Vater: Rede-, Meinungsfreiheit und Versammlungsfreiheit wollen wir auch.  Außerdem soll es den Arbeitern in den Betrieben endlich besser gehen durch besseren Kündigungsschutz, menschliche Arbeitsbedingungen,  höhere Bezahlung und durch die Wahl eines Betriebsrates und den 8- Stundentag wollen wir auch.  

Sohn: ... und der Unternehmer bleibt Herr im Hause. Für einen Neuanfang müssen die Fabrikherren, die Beamten und Generale verschwinden. Sie waren für Kaiser und Krieg und immer gegen uns Arbeiter! Millionen von Arbeitern mussten für deren Ziele sterben.

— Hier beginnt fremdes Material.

(* Let $k$ be a field, $\Gamma=(V,E)$ a finite connected quiver, $I\subseteq R^2$ a two-sided ideal of $k\Gamma$, and $\mathscr{Q}$ a fixed basis of $k\Gamma/I$ as described in the context. For a $k$-linear map $D$ into $k\Gamma/I$ defined (at least) on $kV\oplus kE$, and a path $p$ in its domain, write $D(p)=\sum_{\overline{q}\in\mathscr{Q}}c^p_{\overline{q}}\overline{q}$ with $c^p_{\overline{q}}\in k$. Consider the conditions: (a) for every $v\in V$, $D(v)=\sum_{\overline{q}\in\mathscr{Q},\,t(\overline{q})=v,\,h(\overline{q})\neq v}c^v_{\overline{q}}\overline{q}+\sum_{\overline{q}\in\mathscr{Q},\,h(\overline{q})=v,\,t(\overline{q})\neq v}c^v_{\overline{q}}\overline{q}$; (b) for every $p\in E$, $D(p)=\sum_{\overline{q}\in\mathscr{Q},\,h(\overline{q})=t(p),\,t(\overline{q})\neq t(p)}c^{t(p)}_{\overline{q}}\,\overline{q}\,\overline{p}+\sum_{\overline{q}\in\mathscr{Q},\,\overline{q}\parallel p}c^p_{\overline{q}}\overline{q}+\sum_{\overline{q}\in\mathscr{Q},\,t(\overline{q})=h(p),\,h(\overline{q})\neq h(p)}c^{h(p)}_{\overline{q}}\,\overline{p}\,\overline{q}$; (c) for every $\overline{q}\in\mathscr{Q}$ with $t(\overline{q})\neq h(\overline{q})$, $c^{h(\overline{q})}_{\overline{q}}+c^{t(\overline{q})}_{\overline{q}}=0$. (i) If $D:k\Gamma\to k\Gamma/I$ is a differential operator, then (a), (b), (c) hold. (ii) Conversely, if a $k$-linear map $D:kV\oplus kE\to k\Gamma/I$ satisfies (a), (b), (c), then $D$ extends uniquely to a differential operator $k\Gamma\to k\Gamma/I$, given on a path $p=p_1\cdots p_l$ ($p_i\in E$, $l\ge 2$) by $D(p)=\sum_{i=1}^l\overline{p_1}\cdots\overline{p_{i-1}}D(p_i)\overline{p_{i+1}}\cdots\overline{p_l}$.
   Context: For a path $p$, $t(p)$ and $h(p)$ denote its starting and ending vertex; vertices are trivial paths with $t(v)=h(v)=v$; paths are multiplied by left-to-right concatenation ($pq=0$ if $h(p)\neq t(q)$), so $t(p)p=p=ph(p)$. $R$ is the ideal of $k\Gamma$ generated by $E$; $\overline{x}=x+I$; $kV$, $kE$ are the spans of $V$, $E$. A differential operator from $k\Gamma$ to $k\Gamma/I$ is a $k$-linear map with $D(xy)=D(x)\overline{y}+\overline{x}D(y)$. $\mathscr{Q}$ is a fixed $k$-basis of $k\Gamma/I$ consisting of residue classes of paths and containing $\overline{v}$ for all $v\in V$ and $\overline{e}$ for all $e\in E$ (such a basis exists). If two paths not in $I$ have the same residue class they are parallel (same start and end vertex), so for $\overline{q}\in\mathscr{Q}$ one defines $t(\overline{q})$, $h(\overline{q})$ as the start and end vertex of any representing path; for a path $s$, $s\parallel\overline{q}$ means $t(s)=t(\overline{q})$ and $h(s)=h(\overline{q})$. *)

From HB Require Import structures.
From mathcomp Require Import all_boot all_order all_algebra.
From mathcomp Require Import finmap.
From mathcomp.multinomials Require Import monalg.

Set Implicit Arguments.
Unset Strict Implicit.
Unset Printing Implicit Defensive.

Import GRing.Theory.
Local Open Scope ring_scope.

Section PathAlgebra.

Variables (V E : finType) (t h : E -> V).

Definition quiver_connected : Prop :=
  forall u v : V,
    connect (fun a b => [exists e, ((t e == a) && (h e == b))
                                    || ((t e == b) && (h e == a))]) u v.
(* Every Markov system is equivalent to a Markov system satisfying property ( * ).
   Context: A Markov system is a tuple $\mathbb{M}=(a,b,[a],[b],[b^{-1}])$ with $a$ an orientation-preserving involution of $S^1$, $b$ an orientation-preserving homeomorphism of $S^1$ of period three, and $[a],[b],[b^{-1}]\subset S^1$ such that: (A) they are pairwise disjoint, each a union of $k$ disjoint closed intervals ($k\in\mathbb{N}$, the multiplicity); components are $a$-, $b$-, $b^{-1}$-intervals; $X=[a]\cup[b]\cup[b^{-1}]$; (B) no two $a$-intervals are consecutive among the components of $X$ in circular order; likewise for $b$- and for $b^{-1}$-intervals; with principal gaps (gaps of $X$ between an $a$-interval and a $b^{\pm1}$-interval), complementary gaps (between a $b$- and a $b^{-1}$-interval), $b$-blocks (maximal intervals made of $b^{\pm1}$-intervals and complementary gaps) and $[[b]]$ the union of $b$-blocks: (C) $a([a])=[[b]]$; (D) $b([a])=[b]$, $b([b])=[b^{-1}]$; (E) $a$ maps principal gaps to principal gaps and exactly one of $b^{\pm1}$ maps a given principal gap to a principal gap; the graph on principal gaps joining $J$ to $a(J)$ and to that image is connected (the principal gaps form one cycle). Two Markov systems are equivalent if an orientation-preserving homeomorphism of $S^1$ sends $[a],[b],[b^{-1}]$ onto $[a'],[b'],[b'^{-1}]$. By (E), the principal gaps can be enumerated $I_1,I_1',I_2,I_2',\dots,I_k,I_k'$ so that for each $i$ there is $b_i\in\{b,b^{-1}\}$ with $b_i(I_i)=I_i'$ and $a(I_i')=I_{i+1}$ (indices mod $k$). Put $f_1=a\circ b_k\circ a\circ b_{k-1}\circ\cdots\circ a\circ b_1$, which maps $I_1$ to itself. Property ( * ): for such an enumeration, $f_1$ has no fixed point in the open interval $I_1$, and for every $z\in I_1$, $f_1^n(z)$ converges as $n\to\infty$ to the endpoint of $I_1$ lying in $[a]$. *)

(* Points of S^1 are represented by
   real numbers (mod 1), subsets of S^1 by (1-periodic) predicates on R, and
   orientation-preserving homeomorphisms of S^1 by their lifts: continuous
   strictly increasing maps F : R -> R with F (x+1) = F x + 1. *)
From Stdlib Require Import Reals Relations.
Open Scope R_scope.

Definition eqc (x y : R) : Prop := exists m : Z, y = x + IZR m.

Definition cdist (x y : R) : R :=
  Rmin (frac_part (x - y)) (1 - frac_part (x - y)).

Definition is_circ_homeo (F : R -> R) : Prop :=
  continuity F /\ (forall x y, x < y -> F x < F y) /\
  (forall x, F (x + 1) = F x + 1).

Definition cset := R -> Prop.

Definition img (F : R -> R) (S : cset) : cset :=
  fun y => exists x, S x /\ eqc (F x) y.

Definition seteq (S T : cset) : Prop := forall x, S x <-> T x.

Record msys := MSys {
  ma : R -> R; mb : R -> R;
  setA : cset; setB : cset; setBi : cset }.

Inductive kind := KA | KB | KBi.

Definition kind_eqb (x y : kind) : bool :=
  match x, y with KA, KA | KB, KB | KBi, KBi => true | _, _ => false end.

(* Layout of X: its N components in circular order are the arcs
   [l i, r i] (mod 1), i < N, with
   l 0 < r 0 < l 1 < r 1 < ... < l (N-1) < r (N-1) < l 0 + 1,
   and component i is an a-, b- or b^{-1}-interval according to lab i. *)
Record layout := Layout {
  lN : nat; ll : nat -> R; lr : nat -> R; lab : nat -> kind }.

Definition nxt (L : layout) (i : nat) : nat :=
  if Nat.ltb (S i) (lN L) then S i else O.

Definition lnext (L : layout) (i : nat) : R :=
  if Nat.ltb (S i) (lN L) then ll L (S i) else ll L O + 1.

Definition layout_ok (L : layout) : Prop :=
  (forall i, (i < lN L)%nat -> ll L i < lr L i) /\
  (forall i, (i < lN L)%nat -> lr L i < lnext L i).

Definition inU (L : layout) (K : kind) : cset :=
  fun x => exists i, (i < lN L)%nat /\ lab L i = K /\
           exists m : Z, ll L i <= x + IZR m <= lr L i.

Fixpoint cnt (lab : nat -> kind) (K : kind) (n : nat) : nat :=
  match n with
  | O => O
  | S n => (cnt lab K n + (if kind_eqb (lab n) K then 1 else 0))%nat
  end.

Definition gapS (L : layout) (i : nat) : cset :=
  fun x => exists m : Z, lr L i < x + IZR m < lnext L i.

Definition principal (L : layout) (i : nat) : Prop :=
  (i < lN L)%nat /\ (lab L i = KA \/ lab L (nxt L i) = KA).

Definition complementary (L : layout) (i : nat) : Prop :=
  (i < lN L)%nat /\ lab L i <> KA /\ lab L (nxt L i) <> KA.

Definition bblocks (L : layout) : cset :=
  fun x => inU L KB x \/ inU L KBi x \/
           exists i, complementary L i /\ gapS L i x.

Definition realizes (M : msys) (L : layout) : Prop :=
  layout_ok L /\
  seteq (setA M) (inU L KA) /\ seteq (setB M) (inU L KB) /\
  seteq (setBi M) (inU L KBi).

Definition gap_adj (M : msys) (L : layout) (i j : nat) : Prop :=
  principal L i /\ principal L j /\
  (seteq (img (ma M) (gapS L i)) (gapS L j) \/
   seteq (img (mb M) (gapS L i)) (gapS L j) \/
   seteq (img (mb M) (gapS L j)) (gapS L i)).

Vater: Vergreif Dich nicht an den Beamten, Fabrikherren und Generalen.  Das wäre ein Chaos. Dann bricht die Versorgung zusammen. Wir brauchen diese Fachleute. Mit neuen Leuten, die keine Ahnung haben, würde hier alles drunter und drüber gehen. Friedrich Ebert ruft zur Ruhe und Ordnung auf. Alle müssen jetzt zusammenstehen.

Sohn: Nicht Zusammenarbeit mit Militär und Fabrikherren, sondern Kampf, Vater! Hier hat Karl Liebknecht recht. Nur wenn die Arbeiter das sagen in Deutschland bekommen, wird die Zukunft besser. Wer nicht kämpft, hat schon verloren.

Vater: Das ist doch Unsinn! Alle Deutschen, ob Arbeiter, Unternehmer, General oder Beamter müssen gemeinsam die Karre aus dem Dreck ziehen. Die Vernunft muss siegen.